Seeking Best Practices for Waypoint Proxy Deployment in Large-Scale Ambient Mesh

Background

We're exploring a transition to ambient mesh in our Kubernetes cluster which contains:

• Thousands of pods and services
• Extensive use of VirtualServices for L7 traffic management features

While the L4 security features with ztunnel seem straightforward, I'm looking for community guidance on waypoint proxy deployment topology for handling L7 features.

Current Concerns

In our current sidecar deployment, network paths follow a predictable pattern:

Client → Client-Sidecar → Server-Sidecar → Server (typically 2 nodes communication)

With ambient mesh, the potential path becomes:

Client → Client's ztunnel → Waypoint → Server's ztunnel → Server

The challenge is that these components might span multiple nodes:

Pod A (Node A) → Waypoint (Node B) → Pod B (Node C)

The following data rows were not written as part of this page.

Definition box_involution (x : box_index N) : box_index N :=
  if in_ball N (coords x) then decode x (reflect (coords x)) else x.

Lemma coords_box_involution x :
  in_ball N (coords x) -> coords (box_involution x) =1 reflect (coords x).
Proof.
  move=> Hb; rewrite /box_involution Hb; have Hx := coords_odd_class x.
  apply: coords_decode; first exact: reflect_odd_class.
  move=> i; apply: sqnorm_lt_bound; last lia.
  by rewrite sqnorm_reflect //; move/Z.ltb_lt: Hb; lia.
Qed.

Lemma in_ball_box_involution x : in_ball N (coords (box_involution x)) = in_ball N (coords x).
Proof.
  case Hb: (in_ball N (coords x)); last by rewrite /box_involution Hb.
  rewrite -Hb /in_ball -(sqnorm_reflect _ (coords_odd_class x)).
  by congr Z.ltb; apply: eq_bigr => i _; rewrite coords_box_involution.
Qed.

Lemma box_involutionK : involutive box_involution.
Proof.
  move=> x; case Hb: (in_ball N (coords x)); last by rewrite /box_involution !Hb.
  apply: coords_inj => i.
  rewrite coords_box_involution ?in_ball_box_involution // -(reflectK _ (coords_odd_class x) i).
  rewrite /reflect coords_box_involution //; congr (_ - 2 * (_ / 5)).
  by apply: eq_bigr => k _; rewrite coords_box_involution.
Qed.

End BoxIndex.

Definition quintic_box_sum tau j N : C :=
  \big[Cplus/RtoC 0]_(k < 5)
    Cmult (Cpow zeta5 (j * (2 * k + 1))) (Cpow (box_sum tau j (2 * Z.of_nat k + 1) N) 5).

Lemma lattice_weight_coords tau j N (x : box_index N) :
  lattice_weight tau j (coords x) =
  Cmult (Cpow zeta5 (j * (2 * x.1 + 1))) (\big[Cmult/RtoC 1]_i qterm tau j (coords x i)).
Proof.
  rewrite /qterm prod_cexp_qphase zeta5_pow cexpD /lattice_weight.
  apply: (cexp_2PI_periodic _ _ (2 * Z.of_nat j * (Z.of_nat (x.2 ord0) - Z.of_nat N)));
    rewrite /qphase /Re /Im; cbn [fst snd Cplus];
    rewrite /sqnorm /coord_sum; first ring.
  have -> : INR (j * (2 * x.1 + 1)) = INR j * (2 * INR x.1 + 1).
  { move: (nat_of_ord x.1) => k; rewrite -multE -plusE mult_INR plus_INR mult_INR /=; ring. }
  rewrite [coords x ord0]/coords !INR_IZR_INZ !(mult_IZR, plus_IZR, minus_IZR).
  field.
Qed.

Lemma quintic_box_sum_lattice tau j N :
  quintic_box_sum tau j N = \big[Cplus/RtoC 0]_(x : box_index N) lattice_weight tau j (coords x).
Proof.
  rewrite -(pair_bigA _ (fun k f => lattice_weight tau j (coords (k, f)))).
  apply: eq_bigr => k _; rewrite [Cpow (box_sum _ _ _ _) _]Cpow_big /box_sum bigA_distr_bigA big_distrr.
  by apply: eq_bigr => f _; rewrite lattice_weight_coords.
Qed.

Lemma in_ball_sum_eq0 tau j N : odd j ->
  \big[Cplus/RtoC 0]_(x : box_index N)
    (if in_ball N (coords x) then lattice_weight tau j (coords x) else RtoC 0) = RtoC 0.
Proof.
  move=> Hj; apply: (big_involution_opp _ _ _ box_involutionK) => x.
  rewrite in_ball_box_involution; case Hb: (in_ball N (coords x)); last by rewrite Copp_0.
  rewrite (lattice_weight_eq _ _ _ _ (coords_box_involution _ Hb)).
  exact: lattice_weight_reflect (coords_odd_class x).
Qed.

Lemma Cmod_lattice_weight_le tau j N m : 0 < Im tau -> in_ball N m = false ->
  Cmod (lattice_weight tau j m) <= exp (- PI * Im tau * (INR N * INR N)).
Proof.
  move=> Htau /Z.ltb_ge /IZR_le; rewrite !mult_IZR -!INR_IZR_INZ => Hm.
  have HPI : 0 < PI * Im tau by have := PI_RGT_0; nra.
  rewrite /lattice_weight Cmod_cexp; apply: exp_le_compat; rewrite /qphase /Re /=; nra.
Qed.

Lemma Cmod_quintic_box_sum_le tau j N : odd j -> 0 < Im tau ->
  Cmod (quintic_box_sum tau j N) <=
  INR #|{: box_index N}| * exp (- PI * Im tau * (INR N * INR N)).
Proof.
  move=> Hj Htau; rewrite quintic_box_sum_lattice.
  rewrite (eq_bigr (fun x => Cplus
    (if in_ball N (coords x) then lattice_weight tau j (coords x) else RtoC 0)
    (if in_ball N (coords x) then RtoC 0 else lattice_weight tau j (coords x)))); last first.
  { by move=> x _; case: in_ball; rewrite ?Cplus_0_l ?Cplus_0_r. }
  rewrite big_split /= in_ball_sum_eq0 // Cplus_0_l; apply: Cmod_big_le => x.
  case Hb: (in_ball N (coords x)); last exact: Cmod_lattice_weight_le.
  by rewrite Cmod_0; exact: Rlt_le (exp_pos _).
Qed.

This cross-node traffic pattern seems more complex than our current sidecar model, potentially introducing additional latency and network hops.

Questions for the Community

1. What's the recommended waypoint deployment topology for a large-scale production environment?

2. Should we deploy waypoints per namespace, per service, or using some other logical grouping?

3. What affinity rules have worked well for waypoint deployment to minimize cross-node traffic?

4. How are others handling waypoint scalability for services with varying traffic patterns?

Thanks in advance for your insights.